|Bell, Alois - Al|
Submitted to: National Cotton Council Beltwide Cotton Conference
Publication Type: Abstract Only
Publication Acceptance Date: 1/12/2002
Publication Date: N/A
Technical Abstract: Two steps were taken toward transferring immunity to the reniform nematode (Rotylenchulus reniformis) from Gossypium longicalyx into G. hirsutum. In the first step, pollen from various G. hirsutum genotypes was used to pollinate two vegetatively propagated self-sterile triple-species hybrids. Seventy-one seed were obtained and when plants grown from them were simultaneously evaluated for reniform and root-knot nematode resistance, 10 were considered immune with 14 others resistant but not immune, 33 moderately susceptible, and 14 highly susceptible to the reniform nematode. One of the 14 plants resistant to the reniform was also resistant to the root-knot nematode. Susceptible controls were heavily infested with mature reniform nematode females whereas reniform nematode- resistant G. longicalyx controls had no mature nematodes. Nematode resistance assignments were confirmed by repotting plants, growing them another 4 months, and assaying soil within pots.

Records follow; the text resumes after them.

Theorem theorem3 (R : realType) (n : nat) (eps phi : R)
    (x0 y0 : 'I_n -> R) (T : nat) :
  0 <= eps <= 1 -> 0 < phi < 1 ->
  (forall i, 0 <= x0 i <= 1) -> (forall i, 0 <= y0 i <= 1) ->
  (0 < T)%N ->
  (forall t, (T <= t)%N -> sccs (Pmat eps phi x0 y0 t) = sccs (Pmat eps phi x0 y0 T)) ->
  let z := zs eps phi x0 y0 in
  let P := Pmat eps phi x0 y0 in
  ((forall t, (T <= t)%N -> strongly_connected (P t)) ->
     (forall i, cvgn (fun t => z t i)) /\
     (forall i j, limn (fun t => z t i) = limn (fun t => z t j)))
  /\
  ((forall t, (T <= t)%N -> one_sink_singleton_sources (P t)) ->
     let Theta := singleton_source_nodes (P T) in
     let Omega := sink_nodes (P T) in
     (forall i, i \in Theta -> forall t, (T <= t)%N -> z t i = z T i) /\
     (forall j, j \in Omega ->
        (fun t => dist (z t j) (conv_pts Theta (z T))) @ \oo --> (0 : R))).
Proof.
move=> _ phi01 _ _ T_gt0 sccsT z P; rewrite {}/z {}/P.
case: T T_gt0 sccsT => // T' _ sccsT.
pose NB t := nbrs eps (xs eps phi x0 y0 t) (ys eps phi x0 y0 t).
pose S := [set i | #|NB T'.+1 i| == 0%N]%SET.
have isolatedE t : (T' < t)%N -> forall i, (#|NB t i| == 0%N) = (i \in S).
  by move=> T't i; rewrite inE -!(scc_of_Pmat_x eps x0 y0 phi01) -!set1_sccs sccsT.
have ThetaE : singleton_source_nodes (Pmat eps phi x0 y0 T'.+1) = lshift n @: S.
  exact: singleton_source_nodes_Pmat.
split=> [sc | oss].
  apply: (consensus phi01 (T' := T')) => t /sc.
  exact: strongly_connected_Pmat_nbrs.
rewrite /= ThetaE; split=> [_ /imsetP[i iS ->] t T't | j _].
  by rewrite !zs_lshift -(subnKC T't) (xs_isolated isolatedE).
apply: (clustering phi01 isolatedE).
rewrite -(card_imset _ (@lshift_inj n n)) -ThetaE.
exact/singleton_source_nodes_gt0/oss.
Qed.
(* There exists an invertible $18\times18$ binary matrix such that the corresponding linear kernel has partial distance sequence $(1,2,2,2,2,2,4,4,4,4,6,6,8,8,8,8,8,16)$. Consequently $E_{18}\ge\frac1{18}\sum_{i=0}^{17}\log_{18}D_{min}^{(i)}\approx0.49521$.
   Context: A kernel of dimension $\ell$ is a bijection $g:\{0,1\}^\ell\to\{0,1\}^\ell$; a linear kernel is $g({\bf u})={\bf u}G$ over $\mathbb{F}_2$ for an invertible $\ell\times\ell$ binary matrix $G$. ${\bf a}\bullet{\bf b}$ denotes concatenation, $d_H$ Hamming distance. Partial distances: $D_{min}^{(i)}=\min\{d_H(g({\bf w}\bullet 0\bullet{\bf u}),g({\bf w}\bullet 1\bullet {\bf v})) : {\bf w}\in\{0,1\}^i,\ {\bf u},{\bf v}\in\{0,1\}^{\ell-i-1}\}$, $i=0,\dots,\ell-1$; exponent $E(g)=\frac1\ell\sum_{i}\log_\ell D_{min}^{(i)}$; $E_\ell=\max_g E(g)$ over all kernels of dimension $\ell$. *)

From HB Require Import structures.
From mathcomp Require Import all_boot all_order all_algebra.
From Stdlib Require Import Reals.
Set Implicit Arguments. Unset Strict Implicit. Unset Printing Implicit Defensive.
Import GRing.Theory.

Notation bvec l := 'rV['F_2]_l.

Definition dH (l : nat) (a b : bvec l) : nat :=
  #|[set j : 'I_l | a ord0 j != b ord0 j]|.

Definition is_kernel (l : nat) (g : bvec l -> bvec l) : Prop := bijective g.

Definition lin_kernel (l : nat) (G : 'M['F_2]_l) : bvec l -> bvec l :=
  fun u => mulmx u G.

(* pairs (x, y) = (w • 0 • u, w • 1 • v) with w of length i *)
Definition split_pair (l : nat) (i : 'I_l) (p : bvec l * bvec l) : bool :=
  [forall j : 'I_l, (j < i)%N ==> (p.1 ord0 j == p.2 ord0 j)]
  && (p.1 ord0 i == GRing.zero) && (p.2 ord0 i == GRing.one _).

(* partial distance D_min^(i); the pair set is nonempty and all distances are
   <= l, so l is a neutral starting value for the minimum *)
Definition Dmin (l : nat) (g : bvec l -> bvec l) (i : 'I_l) : nat :=
  \big[minn/l]_(p : bvec l * bvec l | split_pair i p) dH (g p.1) (g p.2).

Definition logb (b x : R) : R := (ln x / ln b)%R.

Definition exponent (l : nat) (g : bvec l -> bvec l) : R :=
  (/ INR l * \big[Rplus/0%R]_(i < l) logb (INR l) (INR (Dmin g i)))%R.

Definition dseq18 : seq nat :=
  [:: 1; 2; 2; 2; 2; 2; 4; 4; 4; 4; 6; 6; 8; 8; 8; 8; 8; 16]%N.

From mathcomp Require Import all_boot all_order all_algebra.
From Stdlib Require Import Reals.
Set Implicit Arguments. Unset Strict Implicit. Unset Printing Implicit Defensive.
Import GRing.Theory.

(* For a linear kernel, the images of w•0•u and w•1•v differ by xG where the
   first nonzero coordinate of x = w•1•v - w•0•u is x_i = 1, and every such x
   arises from the pair (0, x).  So D_min^(i) is the least weight in the coset
   row_i(G) + span(row_j(G), j > i), a set of 2^(17-i) words that is
   enumerated by computation for the explicit matrix G18; its invertibility is
   certified by an explicit inverse. *)

Section FoldrMinn.
Variable x : nat.

Lemma foldr_minn_le s w : w \in s -> foldr minn x s <= w.
Proof.
elim: s => //= a s IH; rewrite in_cons => /orP[/eqP->|/IH]; first exact: geq_minl.
exact/leq_trans/geq_minr.
Qed.

Lemma foldr_minn_le_init s : foldr minn x s <= x.
Proof. by elim: s => //= a s IH; apply/leq_trans/IH/geq_minr. Qed.

Lemma foldr_minn_mem s : foldr minn x s = x \/ foldr minn x s \in s.
Proof.
elim: s => [|a s IH] /=; first by left.
rewrite in_cons; case: leqP => _; first by right; rewrite eqxx.
by case: IH => [->|mem]; [left|right; rewrite mem orbT].
Qed.

Lemma eq_foldr_minn s1 s2 : s1 =i s2 -> foldr minn x s1 = foldr minn x s2.
Proof.
have le12 t1 t2 : {subset t2 <= t1} -> foldr minn x t1 <= foldr minn x t2.
  move=> sub; case: (foldr_minn_mem t2) => [->|/sub]; last exact: foldr_minn_le.
  exact: foldr_minn_le_init.
by move=> eq12; apply/eqP; rewrite eqn_leq !le12 // => w; rewrite eq12.
Qed.

Lemma bigmin_foldr (I : finType) (P : pred I) (F : I -> nat) :
  \big[minn/x]_(i | P i) F i = foldr minn x [seq F i | i <- enum P].
Proof. by rewrite foldrE big_map /enum_mem -big_filter. Qed.

End FoldrMinn.

Section BinaryVectors.
Local Open Scope ring_scope.
Variable l : nat.

Lemma F2_0or1 (x : 'F_2) : x = 0 \/ x = 1.
Proof. by case: x => -[|[|m]] // ?; [left|right]; apply/val_inj. Qed.

Lemma F2_neq0D (x y : 'F_2) : (x + y != 0) = (x != 0) (+) (y != 0).
Proof. by case: (F2_0or1 x) => ->; case: (F2_0or1 y) => ->. Qed.

Lemma F2_neq0_inj (x y : 'F_2) : (x != 0) = (y != 0) -> x = y.
Proof. by case: (F2_0or1 x) => ->; case: (F2_0or1 y) => ->. Qed.

Lemma F2_natr_neq0 (b : bool) : ((b%:R : 'F_2) != 0) = b.
Proof. by case: b. Qed.

Definition bits (v : bvec l) : seq bool := [seq v ord0 j != 0 | j <- enum 'I_l].
Definition weight (s : seq bool) : nat := count idfun s.
Definition bxor (s t : seq bool) : seq bool := [seq p.1 (+) p.2 | p <- zip s t].

Lemma bits0 : bits 0 = nseq l false.
Proof.
rewrite /bits -[X in nseq X](size_enum_ord l).
by elim: (enum 'I_l) => //= j s ->; rewrite mxE.
Qed.

Lemma bitsD u v : bits (u + v) = bxor (bits u) (bits v).
Proof.
by rewrite /bxor zip_map -map_comp; apply: eq_map => j /=; rewrite mxE F2_neq0D.
Qed.

Lemma dH_bits (a b : bvec l) : dH a b = weight (bits (b - a)).
Proof.
rewrite /dH /weight cardsE cardE /enum_mem size_filter count_map /enum_mem.
rewrite (eq_filter (a2 := predT)) // filter_predT; apply: eq_count => j /=.
by rewrite !mxE subr_eq0 eq_sym.
Qed.

Fixpoint span_bits (rs : seq (seq bool)) : seq (seq bool) :=
  if rs is r :: rs' then let S := span_bits rs' in S ++ map (bxor r) S
  else [:: nseq l false].

Lemma bits_sum_span (I : eqType) (r : seq I) (f : I -> bvec l) (c : I -> 'F_2) :
  bits (\sum_(j <- r) c j *: f j) \in span_bits [seq bits (f j) | j <- r].
Proof.
elim: r => [|a r IH]; first by rewrite big_nil bits0 mem_seq1.
rewrite big_cons /= mem_cat; case: (F2_0or1 (c a)) => ->.
  by rewrite scale0r add0r IH.
by rewrite scale1r bitsD map_f ?orbT.
Qed.

Lemma span_bits_sum (I : eqType) (r : seq I) (f : I -> bvec l) s :
  uniq r -> s \in span_bits [seq bits (f j) | j <- r] ->
  exists c : I -> 'F_2, s = bits (\sum_(j <- r) c j *: f j).
Proof.
elim: r s => [|a r IH] s /=.
  by move=> _; rewrite inE => /eqP->; exists (fun=> 0); rewrite big_nil bits0.
case/andP=> a_r /IH {}IH.
have extend c b : exists c' : I -> 'F_2,
    b *: f a + \sum_(j <- r) c j *: f j = \sum_(j <- a :: r) c' j *: f j.
  exists (fun j => if j == a then b else c j); rewrite big_cons eqxx; congr (_ + _).
  by apply: eq_big_seq => j j_r; case: (j =P a) j_r => // -> /(negP a_r).
rewrite mem_cat => /orP[/IH[c ->]|/mapP[t /IH[c ->] ->]].
- by have [c' Ec] := extend c 0; exists c'; rewrite -Ec scale0r add0r.
- by have [c' Ec] := extend c 1; exists c'; rewrite -Ec scale1r bitsD.
Qed.

End BinaryVectors.

Section LinearKernel.
Local Open Scope ring_scope.
Variables (l : nat) (G : 'M['F_2]_l).

Definition first_one (i : 'I_l) (x : bvec l) : bool :=
  [forall j : 'I_l, (j < i)%nat ==> (x ord0 j == 0)] && (x ord0 i == 1).

Lemma split_pair_first_one i p : split_pair i p -> first_one i (p.2 - p.1).
Proof.
case/andP=> /andP[/forallP eq_prefix /eqP p1i] /eqP p2i; apply/andP; split.
  apply/forallP=> j; apply/implyP=> ji.
  by move/implyP/(_ ji)/eqP: (eq_prefix j); rewrite !mxE => ->; rewrite subrr.
by rewrite !mxE p1i p2i subr0.
Qed.

Lemma first_one_split_pair i x : first_one i x -> split_pair i (0, x).
Proof.
case/andP=> /forallP zero_prefix xi; rewrite /split_pair /= xi !mxE eqxx !andbT.
apply/forallP=> j; apply/implyP=> ji.
by move/implyP/(_ ji): (zero_prefix j); rewrite mxE eq_sym.
Qed.

Definition ords_after (i : 'I_l) : seq 'I_l :=
  [seq j : 'I_l <- enum 'I_l | (i < j)%nat].

Lemma first_one_mulmx i x : first_one i x ->
  x *m G = row i G + \sum_(j <- ords_after i) x ord0 j *: row j G.
Proof.
case/andP=> /forallP zero_prefix /eqP xi.
rewrite mulmx_sum_row (bigD1 i) //= xi scale1r; congr (_ + _).
rewrite /ords_after big_filter big_enum_cond big_mkcond [RHS]big_mkcond.
apply: eq_bigr => j _; case: (ltngtP j i) => [ji|ij|/val_inj->]; last by rewrite eqxx.
- by move/implyP/(_ ji)/eqP: (zero_prefix j) => ->; rewrite scale0r if_same.
- by rewrite neq_ltn ij orbT.
Qed.

Definition coset_weights (i : 'I_l) : seq nat :=
  [seq weight (bxor (bits (row i G)) s)
    | s <- span_bits l [seq bits (row j G) | j <- ords_after i]].

Lemma coset_weightsP i w :
  reflect (exists2 x, first_one i x & weight (bits (x *m G)) = w)
          (w \in coset_weights i).
Proof.
have uniq_ords_after : uniq (ords_after i) by rewrite filter_uniq ?enum_uniq.
apply: (iffP mapP) => [[s /(span_bits_sum uniq_ords_after)[c ->] ->]|[x fx <-]].
- pose x : bvec l := \row_k (if (k < i)%nat then 0 else if k == i then 1 else c k).
  have fx : first_one i x.
    rewrite /first_one mxE ltnn eqxx andbT.
    by apply/forallP=> j; apply/implyP=> ji; rewrite mxE ji.
  exists x => //; rewrite (first_one_mulmx fx) bitsD; congr (weight (bxor _ (bits _))).
  apply: eq_big_seq => j; rewrite mem_filter => /andP[ij _].
  by rewrite mxE ltnNge ltnW //= (gtn_eqF ij : (j == i) = false).
- exists (bits (\sum_(j <- ords_after i) x ord0 j *: row j G)).
    exact: bits_sum_span.
  by rewrite (first_one_mulmx fx) bitsD.
Qed.

Lemma Dmin_lin_kernel i : Dmin (lin_kernel G) i = foldr minn l (coset_weights i).
Proof.
rewrite /Dmin bigmin_foldr; apply: eq_foldr_minn => w; apply/mapP/coset_weightsP.
- case=> p; rewrite mem_enum => /split_pair_first_one fp ->.
  by exists (p.2 - p.1); rewrite // /lin_kernel dH_bits mulmxBl.
- case=> x /first_one_split_pair sx <-; exists (0, x); first by rewrite mem_enum.
  by rewrite /lin_kernel dH_bits mul0mx subr0.
Qed.

End LinearKernel.

Lemma lin_kernel_is_kernel l (G : 'M['F_2]_l) : G \in unitmx -> is_kernel (lin_kernel G).
Proof.
by move=> unitG; exists (mulmx^~ (invmx G)) => u; [apply: mulmxK | apply: mulmxKV].
Qed.

Section BitMatrices.
Local Open Scope ring_scope.
Variable l : nat.

Definition mx_of_bits (rs : seq (seq bool)) : 'M['F_2]_l :=
  \matrix_(j, k) (nth false (nth [::] rs j) k)%:R.

Definition bit_row (rs : seq (seq bool)) (j : nat) : seq bool :=
  [seq nth false (nth [::] rs j) k | k <- iota 0 l].

Lemma bits_row_mx_of_bits rs (j : 'I_l) : bits (row j (mx_of_bits rs)) = bit_row rs j.
Proof.
rewrite /bits /bit_row -val_enum_ord -map_comp.
by apply: eq_map => k /=; rewrite !mxE F2_natr_neq0.
Qed.

Definition bit_coset_weights (rs : seq (seq bool)) (i : nat) : seq nat :=
  [seq weight (bxor (bit_row rs i) s)
    | s <- span_bits l [seq bit_row rs j | j <- iota 0 l & (i < j)%nat]].

Lemma coset_weights_mx_of_bits rs (i : 'I_l) :
  coset_weights (mx_of_bits rs) i = bit_coset_weights rs i.
Proof.
rewrite /coset_weights /bit_coset_weights bits_row_mx_of_bits.
rewrite (eq_map (bits_row_mx_of_bits rs)) (map_comp (bit_row rs) val).
by rewrite /ords_after -filter_map val_enum_ord.
Qed.

Definition bit_mul (rs ss : seq (seq bool)) (i k : nat) : bool :=
  foldr addb false
    [seq nth false (nth [::] rs i) j && nth false (nth [::] ss j) k | j <- iota 0 l].

Definition bit_inverse (rs ss : seq (seq bool)) : bool :=
  all (fun i => all (fun k => bit_mul rs ss i k == (i == k)) (iota 0 l)) (iota 0 l).

Lemma mulmx_bits_neq0 rs ss (i k : 'I_l) :
  ((mx_of_bits rs *m mx_of_bits ss) i k != 0) = bit_mul rs ss i k.
Proof.
have neq00 : ((0 : 'F_2) != 0) = false by rewrite eqxx.
rewrite mxE (big_morph _ F2_neq0D neq00) /bit_mul foldrE big_map.
rewrite -val_enum_ord big_map big_enum; apply: eq_bigr => j _.
by rewrite !mxE mulf_eq0 negb_or !F2_natr_neq0.
Qed.

Lemma mx_of_bits_unit rs ss : bit_inverse rs ss -> mx_of_bits rs \in unitmx.
Proof.
move=> inv; suff /mulmx1_unit[] : mx_of_bits rs *m mx_of_bits ss = 1%:M by [].
apply/matrixP=> i k; apply: F2_neq0_inj; rewrite mulmx_bits_neq0 !mxE F2_natr_neq0.
have iota_ord (j : 'I_l) : val j \in iota 0 l by rewrite mem_iota ltn_ord.
by move/allP/(_ _ (iota_ord i))/allP/(_ _ (iota_ord k))/eqP: inv.
Qed.

End BitMatrices.

Definition G18_rows : seq (seq bool) := map (map odd)
  [:: [:: 1; 1; 1; 1; 1; 0; 0; 0; 1; 0; 0; 1; 1; 0; 0; 1; 0; 0];
   [:: 1; 0; 1; 1; 0; 0; 0; 1; 0; 1; 0; 1; 0; 1; 0; 0; 0; 1];
   [:: 1; 1; 0; 0; 1; 0; 1; 1; 1; 0; 1; 1; 1; 1; 0; 1; 0; 1];
   [:: 1; 1; 1; 1; 1; 0; 1; 0; 0; 0; 1; 0; 1; 1; 0; 1; 0; 0];
   [:: 1; 0; 0; 1; 1; 1; 0; 0; 1; 0; 0; 0; 0; 1; 1; 0; 1; 0];
   [:: 1; 1; 0; 1; 0; 0; 1; 0; 0; 0; 0; 1; 1; 1; 0; 1; 0; 0];
   [:: 1; 1; 1; 1; 1; 0; 0; 1; 1; 0; 0; 0; 0; 0; 0; 0; 1; 0];
   [:: 0; 1; 1; 1; 0; 0; 0; 0; 0; 1; 0; 0; 1; 0; 1; 0; 0; 0];
   [:: 1; 0; 0; 1; 1; 0; 1; 1; 0; 1; 0; 1; 0; 0; 1; 1; 0; 1];
   [:: 1; 0; 0; 1; 0; 0; 0; 1; 0; 0; 1; 1; 0; 1; 0; 0; 1; 1];
   [:: 0; 1; 0; 0; 1; 0; 0; 1; 1; 1; 1; 0; 1; 1; 1; 0; 1; 0];
   [:: 1; 1; 0; 0; 0; 0; 1; 1; 0; 1; 0; 0; 0; 0; 0; 0; 0; 1];
   [:: 0; 1; 0; 0; 1; 0; 0; 1; 0; 1; 0; 1; 1; 0; 0; 0; 1; 1];
   [:: 1; 0; 1; 1; 1; 0; 0; 1; 0; 0; 1; 1; 0; 0; 0; 0; 1; 0];
   [:: 0; 0; 0; 1; 0; 1; 0; 1; 0; 1; 1; 1; 0; 0; 0; 1; 0; 1];
   [:: 1; 0; 0; 1; 1; 0; 0; 1; 0; 1; 0; 0; 1; 0; 1; 1; 0; 0];
   [:: 0; 1; 1; 0; 0; 1; 1; 1; 0; 1; 1; 0; 1; 1; 0; 1; 1; 1];
   [:: 1; 1; 1; 1; 1; 1; 0; 1; 1; 1; 1; 1; 1; 0; 1; 1; 1; 1]].

Definition G18_inv_rows : seq (seq bool) := map (map odd)
  [:: [:: 1; 0; 0; 1; 1; 1; 1; 0; 0; 1; 1; 1; 1; 0; 0; 0; 1; 0];
   [:: 1; 0; 1; 0; 0; 1; 0; 1; 1; 1; 1; 1; 0; 1; 1; 0; 0; 1];
   [:: 1; 1; 0; 0; 0; 1; 0; 1; 0; 0; 1; 0; 1; 1; 1; 0; 1; 0];
   [:: 1; 0; 0; 0; 0; 0; 0; 0; 0; 1; 0; 1; 0; 1; 0; 1; 1; 1];
   [:: 1; 0; 1; 0; 1; 0; 1; 0; 1; 1; 0; 1; 1; 1; 0; 0; 1; 0];
   [:: 1; 1; 1; 1; 0; 0; 1; 1; 0; 0; 0; 1; 0; 1; 1; 0; 1; 1];
   [:: 1; 1; 1; 0; 0; 0; 1; 1; 1; 1; 0; 0; 0; 0; 0; 1; 1; 1];
   [:: 1; 0; 0; 0; 0; 1; 0; 1; 1; 0; 0; 1; 0; 0; 0; 1; 1; 1];
   [:: 1; 1; 0; 1; 1; 1; 0; 0; 0; 0; 0; 0; 0; 0; 0; 0; 0; 1];
   [:: 1; 1; 1; 0; 0; 1; 1; 0; 0; 1; 0; 0; 1; 0; 1; 1; 0; 1];
   [:: 1; 1; 1; 0; 1; 1; 0; 0; 1; 0; 0; 1; 1; 1; 0; 1; 0; 1];
   [:: 1; 0; 0; 1; 0; 1; 1; 1; 0; 1; 1; 0; 1; 1; 1; 1; 0; 1];
   [:: 1; 1; 0; 0; 1; 1; 1; 1; 1; 0; 1; 0; 1; 0; 1; 0; 0; 0];
   [:: 1; 1; 0; 1; 0; 1; 0; 0; 0; 0; 1; 1; 0; 0; 1; 1; 1; 0];
   [:: 1; 1; 0; 0; 1; 0; 0; 0; 0; 1; 1; 0; 1; 1; 0; 0; 0; 1];
   [:: 1; 1; 0; 1; 0; 0; 0; 0; 1; 1; 1; 0; 1; 1; 0; 0; 0; 0];
   [:: 1; 0; 0; 0; 1; 1; 1; 1; 1; 0; 1; 1; 1; 0; 0; 0; 1; 0];
   [:: 1; 0; 1; 1; 1; 0; 1; 1; 1; 0; 0; 0; 0; 1; 0; 1; 1; 0]].

Definition G18 : 'M['F_2]_18 := mx_of_bits 18 G18_rows.

Lemma G18_unit : G18 \in unitmx.
Proof. by apply: (mx_of_bits_unit (ss := G18_inv_rows)); vm_compute. Qed.

Lemma G18_min_coset_weights :
  [seq foldr minn 18 (bit_coset_weights 18 G18_rows i) | i <- iota 0 18] = dseq18.
Proof. by vm_compute. Qed.

Lemma Dmin_G18 (i : 'I_18) : Dmin (lin_kernel G18) i = nth 0 dseq18 i.
Proof.
have i_lt : (i < size (iota 0 18))%N by rewrite size_iota.
rewrite Dmin_lin_kernel coset_weights_mx_of_bits -G18_min_coset_weights.
(* [add0n] matters: closing [0 + i = i] by conversion would evaluate the weights *)
by rewrite (nth_map 0 _ _ i_lt) nth_iota ?add0n.
Qed.

Theorem mainTheorem18 :
  (exists G : 'M['F_2]_18, G \in unitmx /\
     forall i : 'I_18, Dmin (lin_kernel G) i = @nth nat O dseq18 i) /\
  (exists g : bvec 18 -> bvec 18, is_kernel g /\
     (exponent g >= / 18 * \big[Rplus/0%R]_(i < 18)
                             logb 18 (INR (@nth nat O dseq18 i)))%R).
Proof.
split; first by exists G18; split; [exact: G18_unit | exact: Dmin_G18].
exists (lin_kernel G18); split; first exact: lin_kernel_is_kernel G18_unit.
rewrite /exponent INR_IZR_INZ; right; congr (_ * _)%R.
by apply: eq_bigr => i _; rewrite Dmin_G18.
Qed.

In the second step, 44 F2 seed were generated from the four self-compatible plants and 112 second-backcross seed were generated by crossing 33 of the remaining 67 plants with pollen from root-knot nematode-resistant G. hirsutum genotypes. Altogether, 25 seed were obtained from plants rated as reniform nematode-immune and 39 from plants considered resistant. Forty-four seed had root-knot nematode-resistant male parents and 17 were from crosses between a reniform nematode-immune female and a root-knot nematode-resistant male parent. Successful root-knot nematode-resistant male parents included Acala Nem-X, Stoneville LA 887, LA RN 1032, LA 887, Auburn 623, Auburn 634, and Auburn M-315.